◆ What needs to be done
The listing below holds a line with "fun b X => exists2" and a line with "Lemma regular_kernelP (H". Reproduce those two lines exactly, plus everything between them.
--- Recorded data ---
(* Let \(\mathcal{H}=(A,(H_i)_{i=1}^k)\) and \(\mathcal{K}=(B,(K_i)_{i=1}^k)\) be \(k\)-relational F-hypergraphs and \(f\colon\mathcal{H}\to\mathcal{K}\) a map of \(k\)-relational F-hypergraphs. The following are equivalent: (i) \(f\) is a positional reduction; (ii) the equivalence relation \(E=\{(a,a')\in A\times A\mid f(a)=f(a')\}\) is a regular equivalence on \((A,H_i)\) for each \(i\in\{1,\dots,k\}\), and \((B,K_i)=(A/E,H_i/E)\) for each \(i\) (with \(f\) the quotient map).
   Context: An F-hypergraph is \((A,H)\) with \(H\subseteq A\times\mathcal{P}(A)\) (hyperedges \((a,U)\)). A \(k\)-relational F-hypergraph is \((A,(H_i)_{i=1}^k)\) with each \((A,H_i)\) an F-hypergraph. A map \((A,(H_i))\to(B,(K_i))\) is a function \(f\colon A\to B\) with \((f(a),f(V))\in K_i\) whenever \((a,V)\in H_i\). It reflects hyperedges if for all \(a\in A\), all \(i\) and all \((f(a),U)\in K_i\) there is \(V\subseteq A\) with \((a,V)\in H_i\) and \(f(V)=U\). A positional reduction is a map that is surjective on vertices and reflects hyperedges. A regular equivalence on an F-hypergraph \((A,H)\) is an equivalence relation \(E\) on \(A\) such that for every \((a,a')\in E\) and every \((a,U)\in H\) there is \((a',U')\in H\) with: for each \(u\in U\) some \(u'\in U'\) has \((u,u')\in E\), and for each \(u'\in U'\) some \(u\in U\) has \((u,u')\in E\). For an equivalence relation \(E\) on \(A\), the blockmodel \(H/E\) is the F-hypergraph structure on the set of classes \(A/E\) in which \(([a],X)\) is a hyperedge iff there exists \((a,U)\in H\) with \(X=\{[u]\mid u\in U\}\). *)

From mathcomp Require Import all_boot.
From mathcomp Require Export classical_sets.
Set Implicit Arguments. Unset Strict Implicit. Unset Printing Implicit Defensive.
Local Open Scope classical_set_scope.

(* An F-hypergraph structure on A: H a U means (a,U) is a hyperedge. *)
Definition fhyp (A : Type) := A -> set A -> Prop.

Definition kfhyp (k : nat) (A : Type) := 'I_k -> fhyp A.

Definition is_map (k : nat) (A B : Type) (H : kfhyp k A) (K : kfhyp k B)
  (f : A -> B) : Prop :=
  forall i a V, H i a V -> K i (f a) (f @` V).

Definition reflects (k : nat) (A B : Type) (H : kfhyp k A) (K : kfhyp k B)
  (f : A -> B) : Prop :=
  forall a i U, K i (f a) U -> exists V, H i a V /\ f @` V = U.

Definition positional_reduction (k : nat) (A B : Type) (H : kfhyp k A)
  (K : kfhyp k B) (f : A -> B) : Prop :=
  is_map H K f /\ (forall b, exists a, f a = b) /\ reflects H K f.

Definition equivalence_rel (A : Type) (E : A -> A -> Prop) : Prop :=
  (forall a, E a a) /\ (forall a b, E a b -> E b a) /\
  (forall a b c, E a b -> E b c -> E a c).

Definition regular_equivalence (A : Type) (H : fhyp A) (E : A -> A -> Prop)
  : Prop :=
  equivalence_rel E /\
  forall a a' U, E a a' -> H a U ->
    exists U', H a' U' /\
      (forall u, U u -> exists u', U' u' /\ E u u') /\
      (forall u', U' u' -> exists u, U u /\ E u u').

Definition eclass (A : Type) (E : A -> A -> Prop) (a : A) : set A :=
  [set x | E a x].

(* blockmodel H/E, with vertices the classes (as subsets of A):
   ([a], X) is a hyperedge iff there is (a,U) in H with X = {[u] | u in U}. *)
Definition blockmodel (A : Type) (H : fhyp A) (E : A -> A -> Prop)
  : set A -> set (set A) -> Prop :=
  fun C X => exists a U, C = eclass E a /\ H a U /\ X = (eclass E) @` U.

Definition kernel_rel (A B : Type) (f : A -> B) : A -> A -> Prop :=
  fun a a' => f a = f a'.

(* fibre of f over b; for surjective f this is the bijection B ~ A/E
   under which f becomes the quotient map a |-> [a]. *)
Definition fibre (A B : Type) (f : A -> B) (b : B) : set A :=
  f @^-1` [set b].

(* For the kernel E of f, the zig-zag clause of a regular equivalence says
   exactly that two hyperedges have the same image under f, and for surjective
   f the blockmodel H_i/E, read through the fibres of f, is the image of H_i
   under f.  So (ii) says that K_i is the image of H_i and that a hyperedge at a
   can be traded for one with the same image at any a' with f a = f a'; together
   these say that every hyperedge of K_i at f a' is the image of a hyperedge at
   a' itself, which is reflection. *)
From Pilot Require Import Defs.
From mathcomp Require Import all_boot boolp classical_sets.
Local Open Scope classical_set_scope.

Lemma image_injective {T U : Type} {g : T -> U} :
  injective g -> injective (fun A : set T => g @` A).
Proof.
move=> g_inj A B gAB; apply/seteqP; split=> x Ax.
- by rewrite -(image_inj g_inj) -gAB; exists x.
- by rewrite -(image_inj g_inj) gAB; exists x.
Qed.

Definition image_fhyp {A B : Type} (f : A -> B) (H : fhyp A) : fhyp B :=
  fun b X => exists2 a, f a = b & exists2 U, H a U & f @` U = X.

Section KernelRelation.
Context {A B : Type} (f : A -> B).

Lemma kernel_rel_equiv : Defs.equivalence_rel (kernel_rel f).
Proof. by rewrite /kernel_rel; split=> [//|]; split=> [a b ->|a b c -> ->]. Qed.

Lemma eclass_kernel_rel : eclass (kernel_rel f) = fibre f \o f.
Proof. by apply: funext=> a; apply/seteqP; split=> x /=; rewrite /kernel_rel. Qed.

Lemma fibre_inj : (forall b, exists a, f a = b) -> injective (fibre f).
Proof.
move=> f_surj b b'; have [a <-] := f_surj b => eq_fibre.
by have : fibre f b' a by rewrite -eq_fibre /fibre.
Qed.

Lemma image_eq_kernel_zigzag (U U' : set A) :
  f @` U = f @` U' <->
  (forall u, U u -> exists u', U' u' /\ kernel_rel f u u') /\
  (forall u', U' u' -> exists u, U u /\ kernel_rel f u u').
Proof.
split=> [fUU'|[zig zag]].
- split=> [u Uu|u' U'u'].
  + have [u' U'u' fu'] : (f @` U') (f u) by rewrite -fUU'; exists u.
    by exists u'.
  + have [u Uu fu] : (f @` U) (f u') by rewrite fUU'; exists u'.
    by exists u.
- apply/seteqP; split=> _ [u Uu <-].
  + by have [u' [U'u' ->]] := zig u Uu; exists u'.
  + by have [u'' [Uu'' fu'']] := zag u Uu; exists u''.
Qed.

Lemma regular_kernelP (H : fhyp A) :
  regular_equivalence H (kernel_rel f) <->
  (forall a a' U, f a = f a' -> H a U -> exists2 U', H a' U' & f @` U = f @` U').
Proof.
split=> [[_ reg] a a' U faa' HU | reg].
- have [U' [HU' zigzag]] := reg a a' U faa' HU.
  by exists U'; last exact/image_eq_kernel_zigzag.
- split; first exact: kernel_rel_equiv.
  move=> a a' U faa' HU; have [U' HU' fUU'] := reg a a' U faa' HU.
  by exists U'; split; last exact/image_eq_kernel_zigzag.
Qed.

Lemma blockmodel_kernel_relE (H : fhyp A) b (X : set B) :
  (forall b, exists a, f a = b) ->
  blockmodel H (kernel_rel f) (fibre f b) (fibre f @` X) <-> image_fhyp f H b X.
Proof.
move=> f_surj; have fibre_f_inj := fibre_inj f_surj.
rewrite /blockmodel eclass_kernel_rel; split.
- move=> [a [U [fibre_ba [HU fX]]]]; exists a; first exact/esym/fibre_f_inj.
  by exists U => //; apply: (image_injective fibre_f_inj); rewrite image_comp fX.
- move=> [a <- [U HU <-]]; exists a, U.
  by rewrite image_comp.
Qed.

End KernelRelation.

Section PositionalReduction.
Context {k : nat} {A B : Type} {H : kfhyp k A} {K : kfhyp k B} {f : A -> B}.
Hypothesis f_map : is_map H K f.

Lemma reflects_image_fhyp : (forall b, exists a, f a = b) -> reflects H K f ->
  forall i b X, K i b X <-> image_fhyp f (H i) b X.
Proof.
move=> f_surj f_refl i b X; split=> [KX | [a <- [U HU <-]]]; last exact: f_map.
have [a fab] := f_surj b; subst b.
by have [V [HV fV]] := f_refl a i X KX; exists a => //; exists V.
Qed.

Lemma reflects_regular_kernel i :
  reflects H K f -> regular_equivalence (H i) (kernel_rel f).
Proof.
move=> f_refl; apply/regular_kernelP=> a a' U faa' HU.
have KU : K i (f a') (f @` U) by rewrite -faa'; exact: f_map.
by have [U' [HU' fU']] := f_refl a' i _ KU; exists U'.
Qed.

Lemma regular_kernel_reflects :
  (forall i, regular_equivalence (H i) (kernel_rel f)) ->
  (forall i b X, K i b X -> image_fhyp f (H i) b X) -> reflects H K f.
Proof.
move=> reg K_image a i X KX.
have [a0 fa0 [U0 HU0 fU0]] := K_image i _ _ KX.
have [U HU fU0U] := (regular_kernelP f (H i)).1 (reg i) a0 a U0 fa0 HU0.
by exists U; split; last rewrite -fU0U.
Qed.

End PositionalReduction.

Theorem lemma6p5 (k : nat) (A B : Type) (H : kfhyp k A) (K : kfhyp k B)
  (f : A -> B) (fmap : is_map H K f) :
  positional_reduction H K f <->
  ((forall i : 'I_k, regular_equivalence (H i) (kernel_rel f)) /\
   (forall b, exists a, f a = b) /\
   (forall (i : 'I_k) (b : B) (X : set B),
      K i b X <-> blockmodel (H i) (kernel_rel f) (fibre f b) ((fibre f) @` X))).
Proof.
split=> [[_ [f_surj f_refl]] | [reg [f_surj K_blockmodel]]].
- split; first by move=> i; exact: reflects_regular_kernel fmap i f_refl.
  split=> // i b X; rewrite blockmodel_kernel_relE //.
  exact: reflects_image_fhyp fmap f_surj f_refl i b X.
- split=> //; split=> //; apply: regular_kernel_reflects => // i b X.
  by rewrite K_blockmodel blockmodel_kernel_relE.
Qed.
---
--- Recorded data ---
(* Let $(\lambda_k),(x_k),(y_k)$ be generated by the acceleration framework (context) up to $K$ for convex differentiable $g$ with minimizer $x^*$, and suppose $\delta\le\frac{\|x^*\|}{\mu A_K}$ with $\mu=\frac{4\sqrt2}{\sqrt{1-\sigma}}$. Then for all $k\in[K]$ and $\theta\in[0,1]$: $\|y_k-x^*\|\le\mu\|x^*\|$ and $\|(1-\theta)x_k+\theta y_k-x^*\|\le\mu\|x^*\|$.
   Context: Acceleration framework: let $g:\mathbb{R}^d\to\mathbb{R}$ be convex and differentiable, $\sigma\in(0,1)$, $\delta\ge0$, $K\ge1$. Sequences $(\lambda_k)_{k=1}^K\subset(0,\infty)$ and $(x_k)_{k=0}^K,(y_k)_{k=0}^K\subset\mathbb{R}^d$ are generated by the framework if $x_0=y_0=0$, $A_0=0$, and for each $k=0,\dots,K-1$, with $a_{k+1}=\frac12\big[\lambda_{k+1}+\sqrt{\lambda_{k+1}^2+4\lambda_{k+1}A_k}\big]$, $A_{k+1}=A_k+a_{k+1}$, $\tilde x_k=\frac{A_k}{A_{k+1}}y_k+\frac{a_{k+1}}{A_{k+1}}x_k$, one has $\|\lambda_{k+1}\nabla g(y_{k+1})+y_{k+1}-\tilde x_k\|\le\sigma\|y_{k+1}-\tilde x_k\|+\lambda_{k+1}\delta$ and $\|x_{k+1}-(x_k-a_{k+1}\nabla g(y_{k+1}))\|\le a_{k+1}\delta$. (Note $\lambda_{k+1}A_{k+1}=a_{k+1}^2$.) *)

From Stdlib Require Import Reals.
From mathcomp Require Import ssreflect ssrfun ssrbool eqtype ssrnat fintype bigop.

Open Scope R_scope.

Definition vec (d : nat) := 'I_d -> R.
---
--- Recorded data ---
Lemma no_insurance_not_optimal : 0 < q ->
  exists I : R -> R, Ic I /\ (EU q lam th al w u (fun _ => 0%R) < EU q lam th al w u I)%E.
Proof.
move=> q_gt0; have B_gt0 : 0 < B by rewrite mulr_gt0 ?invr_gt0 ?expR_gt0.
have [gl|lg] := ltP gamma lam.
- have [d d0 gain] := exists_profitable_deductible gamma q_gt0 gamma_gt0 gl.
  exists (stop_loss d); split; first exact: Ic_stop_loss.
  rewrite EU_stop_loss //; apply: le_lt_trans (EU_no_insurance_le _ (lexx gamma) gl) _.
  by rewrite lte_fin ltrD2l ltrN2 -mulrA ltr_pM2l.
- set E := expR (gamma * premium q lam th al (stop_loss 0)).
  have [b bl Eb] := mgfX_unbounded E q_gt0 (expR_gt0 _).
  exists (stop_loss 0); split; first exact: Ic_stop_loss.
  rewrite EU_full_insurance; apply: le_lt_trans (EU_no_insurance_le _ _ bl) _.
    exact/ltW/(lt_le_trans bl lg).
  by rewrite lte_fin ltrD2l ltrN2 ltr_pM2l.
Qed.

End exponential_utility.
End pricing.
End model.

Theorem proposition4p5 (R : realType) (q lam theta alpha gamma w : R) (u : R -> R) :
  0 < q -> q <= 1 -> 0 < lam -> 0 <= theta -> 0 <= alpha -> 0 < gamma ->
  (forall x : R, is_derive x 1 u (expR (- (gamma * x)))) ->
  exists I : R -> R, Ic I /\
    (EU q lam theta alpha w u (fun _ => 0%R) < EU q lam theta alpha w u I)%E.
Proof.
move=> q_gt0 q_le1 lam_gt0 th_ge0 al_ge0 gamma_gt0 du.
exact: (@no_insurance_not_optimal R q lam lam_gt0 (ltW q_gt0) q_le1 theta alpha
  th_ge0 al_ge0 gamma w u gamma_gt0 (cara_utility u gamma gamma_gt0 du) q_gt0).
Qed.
---
◆ Answer box
  fun b X => exists2 a, f a = b & exists2 U, H a U & f @` U = X.

Section KernelRelation.
Context {A B : Type} (f : A -> B).

Lemma kernel_rel_equiv : Defs.equivalence_rel (kernel_rel f).
Proof. by rewrite /kernel_rel; split=> [//|]; split=> [a b ->|a b c -> ->]. Qed.

Lemma eclass_kernel_rel : eclass (kernel_rel f) = fibre f \o f.
Proof. by apply: funext=> a; apply/seteqP; split=> x /=; rewrite /kernel_rel. Qed.

Lemma fibre_inj : (forall b, exists a, f a = b) -> injective (fibre f).
Proof.
move=> f_surj b b'; have [a <-] := f_surj b => eq_fibre.
by have : fibre f b' a by rewrite -eq_fibre /fibre.
Qed.

Lemma image_eq_kernel_zigzag (U U' : set A) :
  f @` U = f @` U' <->
  (forall u, U u -> exists u', U' u' /\ kernel_rel f u u') /\
  (forall u', U' u' -> exists u, U u /\ kernel_rel f u u').
Proof.
split=> [fUU'|[zig zag]].
- split=> [u Uu|u' U'u'].
  + have [u' U'u' fu'] : (f @` U') (f u) by rewrite -fUU'; exists u.
    by exists u'.
  + have [u Uu fu] : (f @` U) (f u') by rewrite fUU'; exists u'.
    by exists u.
- apply/seteqP; split=> _ [u Uu <-].
  + by have [u' [U'u' ->]] := zig u Uu; exists u'.
  + by have [u'' [Uu'' fu'']] := zag u Uu; exists u''.
Qed.

Lemma regular_kernelP (H : fhyp A) :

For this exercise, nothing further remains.